- Born: 1978 (age 46–47) Iceland
- Occupation: Video game developer / Investor

= Sigurlína Ingvarsdóttir =

Icelandic video game developer

Sigurlína (Lína) Valgerður Ingvarsdóttir (born 1978) is an Icelandic video game developer. She worked for EA DICE in Stockholm, Sweden, starting in 2012, and coordinated the development of Star Wars Battlefront (2015) and later of FIFA. Since 2021, she has been chair of Icelandic game developer Solid Clouds. Sigurlína is a founding partner at Behold Ventures, a venture capital fund investing in early-stage game companies across the Nordics.

==Biography==
Sigurlína was born and grew up in Iceland. Growing up, she enjoyed horse riding, reading fantasy and science fiction, as well as playing video games, board games, and tabletop role-playing games. She graduated with a degree in industrial engineering from the University of Iceland in 2002. Her first job was as project manager with the Activis pharmaceutical company. Through friends working on EVE Online at CCP Games, she joined the company in 2006, rising to the level of senior producer.

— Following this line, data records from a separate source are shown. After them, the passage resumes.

Lemma isLieM_brN x y : isLieM C du x -> isLieM C du y -> isLieM C du (brN x y).
Proof.
move=> [x_nat [x_der [x_triv [d dx]]]] [y_nat [y_der [y_triv [d' dy]]]].
split; first exact: isNat_brN.
split=> [V W T p q r t t_obj v w|]; last split=> [V p triv v|].
- have [[t_l t_r] _] := t_obj.1.
  rewrite /brN (tensor_der_comp x y p q r t v w) // (tensor_der_comp y x p q r t v w) //.
  rewrite [t (y V p v) _ + _]addrC opprD addrACA subrr addr0.
  by rewrite (linmapB (t_l w)) (linmapB (t_r v)) opprD addrACA.
- by rewrite /brN x_triv // y_triv // subrr.
- by exists (bracketT d d'); apply: reprD_bracketT.
Qed.

End WeakAlgebraicMonoid.

Theorem theorem3p7 (F : fieldType) (g : lmodType F) (br : g -> g -> g)
  (C : gmod F g -> Prop) (du : forall V : gmod F g, (V -> F) -> Prop) :
  [pchar F] =i pred0 -> lie_algebra br -> category br C -> dual_cat C du ->
  (* (a) M is a Zariski closed submonoid of Nat *)
  ((forall m, isM C du m -> isNat C du m) /\
   isM C du (@idN F g C) /\
   (forall m n, isM C du m -> isM C du n -> isM C du (compN m n)) /\
   (exists S : (NatT C -> F) -> Prop, (forall h, S h -> inFNat C du h) /\
      forall m, isNat C du m -> (isM C du m <-> forall h, S h -> h m = 0))) /\
  (* (b) F[M] is the restriction of F[Nat] to M *)
  (forall f : NatT C -> F, inFM C du f <-> exists h, inFNat C du h /\ agreeM C du f h) /\
  (* (c) x |-> delta_x is a Lie algebra isomorphism Lie(M) -> T_1 M *)
  ((forall x d, isLieM C du x -> reprD C du d x -> isT1 C du d) /\
   (forall x y d, isLieM C du x -> isLieM C du y -> reprD C du d x -> reprD C du d y -> x = y) /\
   (forall d, isT1 C du d -> exists x, isLieM C du x /\ reprD C du d x) /\
   (forall (a : F) x y, isLieM C du x -> isLieM C du y ->
      isLieM C du (lincomb2 a x y) /\
      forall d d', reprD C du d x -> reprD C du d' y ->
        reprD C du (fun f => a * d f + d' f) (lincomb2 a x y)) /\
   (forall x y, isLieM C du x -> isLieM C du y ->
      isLieM C du (brN x y) /\
      forall d d', reprD C du d x -> reprD C du d' y -> reprD C du (bracketT d d') (brN x y))).
Proof.
move=> F_char0 _ C_cat du_cat.
split.
  split; first by move=> m; apply: isM_Nat.
  split; first exact: isM_id.
  split; first exact: isM_comp.
  exists (@M_equations F g C du); split; [exact: M_equations_FNat | exact: (isM_equationsP du_cat)].
split; first exact: (inFM_restrictionP C_cat du_cat).
split; first exact: (reprD_isT1 C_cat du_cat F_char0).
split; first by move=> x y d _ _; apply: (reprD_inj du_cat).
split; first exact: (isT1_isLieM C_cat du_cat).
split=> [a x y x_Lie y_Lie|x y x_Lie y_Lie].
  by split=> [|d d']; [exact: (isLieM_lincomb2 du_cat) | exact: (reprD_lincomb2 du_cat)].
by split=> [|d d']; [exact: (isLieM_brN du_cat) | exact: (reprD_bracketT du_cat)].
Qed.
Lemma sum_muw_Pbond y : \sum_x muw ends W Wh x * Pbond ends Pred x y = muw ends W Wh y.
Proof.
case: y => A' s; rewrite sum_pair.
rewrite (eq_bigr (fun A => muw ends W Wh (A, s) * Pbond ends Pred (A, s) (A', s))); last first.
  move=> A _; rewrite (bigD1 s) //= [X in _ + X]big1 ?addr0 // => s' s's.
  by rewrite /Pbond /= (negPf s's) !mul0r mulr0.
set Er := Eind ends (reds s); set Eb := Eind ends (blues s).
have [DA' | nDA'] := boolP (Delta ends A' s); last first.
  rewrite /muw (negPf nDA') mul0r big1 // => A _.
  by rewrite /Pbond /= (negPf nDA') !(mul0r, mulr0).
(* [Pred (reds s)] is only known to be stationary if the colouring [s] is supported. *)
have [A0 hA0 | no_supp] := pickP (fun A : {set Ed} => muw ends W Wh (A, s) != 0); last first.
  rewrite (eqP (negbFE (no_supp A'))) big1 // => A _.
  by rewrite (eqP (negbFE (no_supp A))) mul0r.
have /= [_ stat] := @Pred_stationary A0 s (etrans (mu_neq0 _) hA0).
transitivity (\sum_(A : {set Ed} | Delta ends A s && (A :&: Eb == A' :&: Eb))
    muw ends W Wh (A, s) * Pred (reds s) (A :&: Er) (A' :&: Er)).
  rewrite [RHS]big_mkcond; apply: eq_bigr => A _; rewrite /Pbond /= eqxx DA' mul1r.
  have [DA | nDA] := boolP (Delta ends A s); last by rewrite /muw (negPf nDA) !mul0r.
  by case: eqP; rewrite ?mul1r ?mul0r ?mulr0.
rewrite sum_fixed_blue_part.
transitivity (\prod_(C in comps ends (blues s) (A' :&: Eb)) (W C.1 C.2 - Wh C.1 C.2) *
    \sum_(X : {set Ed} | X \subset Er) phiw ends (reds s) Wh X * Pred (reds s) X (A' :&: Er)).
  rewrite big_distrr; apply: eq_bigr => X XE.
  have [eXr eXb DX] := recombine_red_blue A' XE.
  by rewrite (muw_split DX) eXr eXb mulrAC mulrC.
rewrite (stationary_unnormalized (fun B _ => phiw_ge0 (reds s) B) stat) ?subsetIr //.
by rewrite (muw_split DA') mulrC.
Qed.

Lemma Pchain_stationary : stationary_on predT (Pchain ends W Wh Pred) (mu ends W Wh).
Proof.
apply: stationary_scale; apply: stationary_comp => y _.
  exact: sum_muw_Pcolour.
exact: sum_muw_Pbond.
Qed.

Lemma Pbond_all_red A B :
  Pbond ends Pred (A, all_red V) (B, all_red V) = Pred setT A B.
Proof.
rewrite /Pbond /= eqxx Delta_all_red reds_all_red blues_all_red Eind_setT Eind_set0.
by rewrite !setIT !setI0 eqxx !mul1r.
Qed.

Lemma Pcolour_Pbond_ge0 x z y : 0 <= Pcolour ends W Wh x z * Pbond ends Pred z y.
Proof.
have [-> | /Pcolour_supp hz] := eqVneq (Pcolour ends W Wh x z) 0; first by rewrite mul0r.
rewrite mulr_ge0 ?Pcolour_ge0 //; case: z hz => A t hz.
have /= [[Pred_ge0 _] _] := Pred_stationary (etrans (mu_neq0 _) hz).
by rewrite /Pbond /= !mulr_ge0 ?ler0n // Pred_ge0 ?subsetIr.
Qed.

Lemma Pchain_gt0 A s t y : muw ends W Wh (A, t) != 0 ->
  0 < Pbond ends Pred (A, t) y -> 0 < Pchain ends W Wh Pred (A, s) y.
Proof.
move=> hAt Pb; rewrite /Pchain (bigD1 (A, t)) //=.
apply: ltr_wpDr (mulr_gt0 (Pcolour_gt0 s hAt) Pb).
by rewrite sumr_ge0 // => z _; apply: Pcolour_Pbond_ge0.
Qed.

Lemma phi_setT_neq0 A : (phi ends setT Wh A != 0) = (muw ends W Wh (A, all_red V) != 0).
Proof. by rewrite phi_neq0 ?Eind_setT ?subsetT // muw_all_red. Qed.

Lemma Pchain_to_all_red A s : muw ends W Wh (A, s) != 0 ->
  exists2 B, muw ends W Wh (B, all_red V) != 0 &
             0 < Pchain ends W Wh Pred (A, s) (B, all_red V).
Proof.
move=> hAs; have hA := muw_neq0_all_red hAs.
have := @Pred_stationary A (all_red V); rewrite mu_neq0 // => /(_ hA).
rewrite /= reds_all_red Eind_setT => -[stoch stat].
have phiA : 0 < phi ends setT Wh A by rewrite lt_def phi_setT_neq0 hA phi_ge0.
have [B /andP[_ phiB] PAB] :=
  stationary_pos_succ stoch stat (fun B _ => phi_ge0 _ B) (subsetT A) phiA.
exists B; first by rewrite -phi_setT_neq0 gt_eqF.
by apply: Pchain_gt0 hA _; rewrite Pbond_all_red.
Qed.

After a spell with Ubisoft in 2011, in 2012 she joined DICE to coordinate Battlefront, which has enjoyed commercial success. After shipping the game, she moved to Vancouver to become Senior Producer for FIFA. She joined independent studio Bonfire Studios in California in the summer of 2018 and three years later was announced chairwoman of Icelandic game developer Solid Clouds.

Sigurlína is a member of The Future Is Ours campaign, which is concerned with carbon emission levels. She also served as one of the first chairs of the Icelandic Game Industry.